Lemma le_sqr_of_sqrtr_le {R : rcfType} (x y : R) : 0 <= x -> Num.sqrt x <= y -> x <= y ^+ 2.
Proof.
move=> x_ge0 sqrt_le; have y_ge0 := le_trans (sqrtr_ge0 x) sqrt_le.
by rewrite -[x]sqr_sqrtr // ler_pXn2r ?nnegrE ?sqrtr_ge0.
Qed.

Section InnerProduct.
Context {R : realType} {n m : nat}.

Lemma dotrC {k} (u v : 'rV[R]_k) : dotr u v = dotr v u.
Proof. by apply: eq_bigr => i _; rewrite mulrC. Qed.

Lemma dotrDl {k} (u v w : 'rV[R]_k) : dotr (u + v) w = dotr u w + dotr v w.
Proof. by rewrite /dotr -big_split; apply: eq_bigr => i _; rewrite mxE mulrDl. Qed.

Lemma dotrZl {k} a (u w : 'rV[R]_k) : dotr (a *: u) w = a * dotr u w.
Proof. by rewrite /dotr mulr_sumr; apply: eq_bigr => i _; rewrite mxE mulrA. Qed.

Lemma dotr_ge0 {k} (u : 'rV[R]_k) : 0 <= dotr u u.
Proof. by apply: sumr_ge0 => i _; rewrite -expr2 sqr_ge0. Qed.

Implicit Types (p q w : E R n m) (a : R).

Lemma dotEC p q : dotE p q = dotE q p.
Proof. by rewrite /dotE dotrC [dotr p.2 _]dotrC. Qed.

Lemma dotEDl p q w : dotE (p + q) w = dotE p w + dotE q w.
Proof. by rewrite /dotE !dotrDl addrACA. Qed.

Lemma dotEZl a p w : dotE (a *: p) w = a * dotE p w.
Proof. by rewrite /dotE !dotrZl mulrDr. Qed.

Lemma dotENl p w : dotE (- p) w = - dotE p w.
Proof. by rewrite -scaleN1r dotEZl mulN1r. Qed.

Lemma dotEDr p q w : dotE w (p + q) = dotE w p + dotE w q.
Proof. by rewrite dotEC dotEDl !(dotEC w). Qed.

Lemma dotEZr a p w : dotE w (a *: p) = a * dotE w p.
Proof. by rewrite dotEC dotEZl dotEC. Qed.

Lemma dotENr p w : dotE w (- p) = - dotE w p.
Proof. by rewrite dotEC dotENl dotEC. Qed.

Lemma dotE0l w : dotE 0 w = 0.
Proof. by rewrite -(scale0r (0 : E R n m)) dotEZl mul0r. Qed.

Lemma nsq_ge0 p : 0 <= nsq p.
Proof. by rewrite /nsq /dotE addr_ge0 // dotr_ge0. Qed.

Lemma nrm_ge0 p : 0 <= nrm p.
Proof. exact: sqrtr_ge0. Qed.

Lemma sqr_nrm p : nrm p ^+ 2 = nsq p.
Proof. by rewrite /nrm sqr_sqrtr // nsq_ge0. Qed.

Lemma nsqZ a p : nsq (a *: p) = a ^+ 2 * nsq p.
Proof. by rewrite /nsq dotEZl dotEZr mulrA expr2. Qed.

Lemma nsqN p : nsq (- p) = nsq p.
Proof. by rewrite /nsq dotENl dotENr opprK. Qed.

Lemma nrmZ a p : nrm (a *: p) = `|a| * nrm p.
Proof. by rewrite /nrm nsqZ sqrtrM ?sqr_ge0 // sqrtr_sqr. Qed.

Lemma nsqDZ p q a :
  nsq (p + a *: q) = nsq p + 2 * a * dotE p q + a ^+ 2 * nsq q.
Proof.
rewrite /nsq !dotEDl !dotEDr !dotEZl !dotEZr (dotEC q p); ring.
Qed.

Lemma sqr_dotE_le p q : dotE p q ^+ 2 <= nsq p * nsq q.
Proof.
set d := dotE p q; set P := nsq p; set Q := nsq q.
have quad t : 0 <= Q + 2 * t * d + t ^+ 2 * P.
  by rewrite /d dotEC -nsqDZ nsq_ge0.
have [P0|P_neq0] := eqVneq P 0.
  have [->|d_neq0] := eqVneq d 0; first by rewrite P0; lra.
  have := quad (- (Q + 1) / (2 * d)); rewrite P0 mulr0 addr0.
  have -> : 2 * (- (Q + 1) / (2 * d)) * d = - (Q + 1) by field.
  lra.
have P_gt0 : 0 < P by rewrite lt0r P_neq0 nsq_ge0.
have := mulr_ge0 (ltW P_gt0) (quad (- d / P)).
have -> : P * (Q + 2 * (- d / P) * d + (- d / P) ^+ 2 * P) = P * Q - d ^+ 2.
  by field.
lra.
Qed.

Lemma normr_dotE_le p q : `|dotE p q| <= nrm p * nrm q.
Proof.
rewrite -[X in X <= _]sqrtr_sqr /nrm -sqrtrM ?nsq_ge0 //.
by rewrite ler_sqrt ?mulr_ge0 ?nsq_ge0 // sqr_dotE_le.
Qed.

End InnerProduct.

Section DescentLemma.
Context {R : realType} {n m : nat}.
Context {F : E R n m -> R} {G : E R n m -> E R n m}.
Hypothesis gradF : is_gradient F G.

Lemma is_derive_along (p d : E R n m) (t : R) :
  is_derive t (1 : R) (fun s : R => F (p + s *: d)) (dotE (G (p + t *: d)) d).
Proof.
have [dF dFE] := gradF (p + t *: d).
have quotE : (fun s : R => s^-1 *: (((fun s => F (p + s *: d)) \o shift t) (s *: 1)
                                   - F (p + t *: d)))
    = (fun s => s^-1 *: ((F \o shift (p + t *: d)) (s *: d) - F (p + t *: d))).
  apply: funext => s /=; congr (_ *: (F _ - _)).
  by rewrite /shift /= [s%:A]mulr1 scalerDl addrCA.
split.
  by have := diff_derivable (v := d) dF; rewrite /derivable -quotE.
by rewrite /derive quotE -/(derive F (p + t *: d) d) deriveE // dFE.
Qed.

Lemma descent_lemma {L : R} : lipschitz_field G L -> 0 <= L ->
  forall p d, F (p + d) <= F p + dotE (G p) d + L / 2 * nsq d.
Proof.
move=> lipG L_ge0 p d.
set c1 := dotE (G p) d; set c2 := L / 2 * nsq d.
(* mean value theorem on [psi] over [0, 1]; Lipschitz continuity of [G] makes [psi'] <= 0 *)
pose psi := (fun s : R => F (p + s *: d)) - (c1 \*: id) - (c2 \*: (id * id)).
have dpsi (s : R) : is_derive s (1 : R) psi
    (dotE (G (p + s *: d)) d - c1 *: (1 : R) - c2 *: (s *: (1 : R) + s *: (1 : R))).
  by apply: is_deriveB; apply: is_deriveB; apply: is_derive_along.
have [c c01 psiE] := MVT ltr01 (fun s _ => dpsi s)
  (derivable_within_continuous (fun s _ => @ex_derive _ _ _ _ _ _ _ (dpsi s))).
have c_ge0 : 0 <= c by move: c01; rewrite in_itv /= => /andP [/ltW].
have dpsi_le : dotE (G (p + c *: d)) d - c1 <= L * c * nsq d.
  rewrite /c1 -dotENl -dotEDl.
  apply: le_trans (ler_norm _) _; apply: le_trans (normr_dotE_le _ _) _.
  apply: (@le_trans _ _ (L * nrm (p + c *: d - p) * nrm d)).
    by rewrite ler_wpM2r ?nrm_ge0 ?lipG.
  by rewrite addrC addKr nrmZ ger0_norm // -sqr_nrm; lra.
have scaleE (a b : R) : a *: b = a * b by [].
have c2E : c2 * (c + c) = L * c * nsq d by rewrite /c2; field.
move: psiE; rewrite /psi !fctE /= !scaleE scale1r scale0r addr0.
rewrite !mulr1 !mul0r !mulr0 !subr0 c2E; lra.
Qed.

End DescentLemma.

Section Multiplier.
Context {R : realType}.
Variables (a r al : R).
Hypothesis r_gt0 : 0 < r.
Local Notation lam := (Num.max 0 (- a + al * r) / r).

Lemma multiplier_descent : - a - lam * r <= - (al * r).
Proof.
rewrite divfK ?gt_eqF //.
have : - a + al * r <= Num.max 0 (- a + al * r) by rewrite le_max lexx orbT.
lra.
Qed.

Lemma multiplier_identity : lam * a + lam ^+ 2 * r = al * Num.max 0 (- a + al * r).
Proof.
case: (lerP (- a + al * r) 0) => _; first by rewrite !mul0r expr0n /= mul0r addr0 mulr0.
by field; rewrite gt_eqF.
Qed.

End Multiplier.

Section SearchDirection.
Context {R : realType} {n m : nat}.
Implicit Types (Gf Gh : E R n m -> E R n m) (p : E R n m).

Definition alg_dir Gf Gh rho (al : R) p : E R n m :=
  - Gf p - alg_lambda Gf Gh rho al p *: Gh p.

Lemma alg_stepE Gf Gh rho al ga p :
  alg_step Gf Gh rho al ga p = p + ga *: alg_dir Gf Gh rho al p.
Proof. by []. Qed.

Lemma alg_iterS Gf Gh rho al ga p0 k :
  alg_iter Gf Gh rho al ga p0 k.+1
  = alg_iter Gf Gh rho al ga p0 k + ga *: alg_dir Gf Gh rho al (alg_iter Gf Gh rho al ga p0 k).
Proof. by rewrite /alg_iter iterS alg_stepE. Qed.

Lemma dotE_nsq_eq0 p q : nsq p = 0 -> dotE p q = 0.
Proof.
move=> p0; apply/normr0_eq0/eqP; rewrite eq_le normr_ge0 andbT.
by have := normr_dotE_le p q; rewrite /nrm p0 sqrtr0 mul0r.
Qed.

Context (Gf Gh : E R n m -> E R n m) (al : R).
Local Notation rho := (fun p => nsq (Gh p)).
Local Notation lam p := (alg_lambda Gf Gh rho al p).

(* [x / 0 = 0] makes the formula valid also where [Gh p = 0]. *)
Lemma alg_lambdaE p :
  lam p = Num.max 0 (- dotE (Gh p) (Gf p) + al * nsq (Gh p)) / nsq (Gh p).
Proof.
rewrite /alg_lambda; case: eqP => [->|_]; last by rewrite opprD.
by rewrite /nsq !dotE0l invr0 mulr0.
Qed.

Lemma dotE_grad_dir p :
  dotE (Gh p) (alg_dir Gf Gh rho al p) <= - (al * nsq (Gh p)).
Proof.
rewrite /alg_dir dotEDr dotENr dotENr dotEZr -/(nsq (Gh p)) alg_lambdaE.
have [r0|r_neq0] := eqVneq (nsq (Gh p)) 0.
  by rewrite r0 dotE_nsq_eq0 // !mulr0 oppr0 addr0.
have r_gt0 : 0 < nsq (Gh p) by rewrite lt0r r_neq0 nsq_ge0.
exact: multiplier_descent.
Qed.

Lemma dotE_dir_nsq_le {Cf : R} p : 0 <= al -> nrm (Gf p) <= Cf ->
  dotE (Gf p) (alg_dir Gf Gh rho al p) + nsq (alg_dir Gf Gh rho al p)
  <= al * (Cf * nrm (Gh p) + al * nsq (Gh p)).
Proof.
move=> al_ge0 Gf_le; have Cf_ge0 : 0 <= Cf := le_trans (nrm_ge0 _) Gf_le.
have -> : dotE (Gf p) (alg_dir Gf Gh rho al p) + nsq (alg_dir Gf Gh rho al p)
          = lam p * dotE (Gh p) (Gf p) + lam p ^+ 2 * nsq (Gh p).
  rewrite /alg_dir -opprD nsqN nsqDZ dotENr dotEDr dotEZr (dotEC (Gf p)).
  rewrite /nsq; ring.
rewrite alg_lambdaE.
have [r0|r_neq0] := eqVneq (nsq (Gh p)) 0.
  rewrite r0 invr0 !mulr0 mul0r !addr0.
  by rewrite !mulr_ge0 ?nrm_ge0.
rewrite multiplier_identity ?lt0r ?r_neq0 ?nsq_ge0 // ler_wpM2l //.
rewrite ge_max addr_ge0 ?mulr_ge0 ?nrm_ge0 ?nsq_ge0 //=.
have := le_trans (normr_dotE_le _ _) (ler_wpM2l (nrm_ge0 (Gh p)) Gf_le).
have := ler_norm (- dotE (Gh p) (Gf p)); rewrite normrN; lra.
Qed.

End SearchDirection.

Definition energy_bound {R : realType} (kap Cf Lh C0 Delta : R) :=
  Delta + C0 + C0 / (2 * Lh * kap) + Cf ^+ 2 * Lh / 2.

Definition rate_const {R : realType} (kap Cf Lh cr C0 Delta : R) :=
  cr ^+ 2 * (C0 / kap + 2 * Lh * energy_bound kap Cf Lh C0 Delta)
  + 4 * energy_bound kap Cf Lh C0 Delta / kap.

Section Convergence.
Context {R : realType} {n m : nat}.
Context {f h : E R n m -> R} {Gf Gh : E R n m -> E R n m}.
Context {fbar Lf Cf Lh al ga : R} {p0 : E R n m}.
Hypotheses (gradf : is_gradient f Gf) (lipf : lipschitz_field Gf Lf) (Lf_ge0 : 0 <= Lf).
Hypotheses (f_ge : forall p, fbar <= f p) (Gf_le : forall p, nrm (Gf p) <= Cf).
Hypotheses (gradh : is_gradient h Gh) (liph : lipschitz_field Gh Lh) (Lh_gt0 : 0 < Lh).
Hypothesis h_ge0 : forall p, 0 <= h p.
Hypotheses (al_gt0 : 0 < al) (ga_gt0 : 0 < ga) (ga_small : ga * (Lf + al * Lh) <= 1).

Local Notation rho := (fun p => nsq (Gh p)).
Local Notation pt k := (alg_iter Gf Gh rho al ga p0 k).
Local Notation dir k := (alg_dir Gf Gh rho al (pt k)).
Local Notation c := (al + 1 / (2 * Lh * ga)).

Lemma h_decrease k :
  h (pt k.+1) + ga * al * nsq (Gh (pt k)) <= h (pt k) + Lh / 2 * ga ^+ 2 * nsq (dir k).
Proof.
have := descent_lemma gradh liph (ltW Lh_gt0) (pt k) (ga *: dir k).
rewrite -alg_iterS dotEZr nsqZ.
have := ler_wpM2l (ltW ga_gt0) (dotE_grad_dir Gf Gh al (pt k)).
lra.
Qed.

■ Directions
Your output should be an exact copy of the lines from the top of the listing above to the line with "Proof. by apply: eq_bigr", both ends included.

■ Exercise solution
Lemma le_sqr_of_sqrtr_le {R : rcfType} (x y : R) : 0 <= x -> Num.sqrt x <= y -> x <= y ^+ 2.
Proof.
move=> x_ge0 sqrt_le; have y_ge0 := le_trans (sqrtr_ge0 x) sqrt_le.
by rewrite -[x]sqr_sqrtr // ler_pXn2r ?nnegrE ?sqrtr_ge0.
Qed.

Section InnerProduct.
Context {R : realType} {n m : nat}.

Lemma dotrC {k} (u v : 'rV[R]_k) : dotr u v = dotr v u.
Proof. by apply: eq_bigr => i _; rewrite mulrC. Qed.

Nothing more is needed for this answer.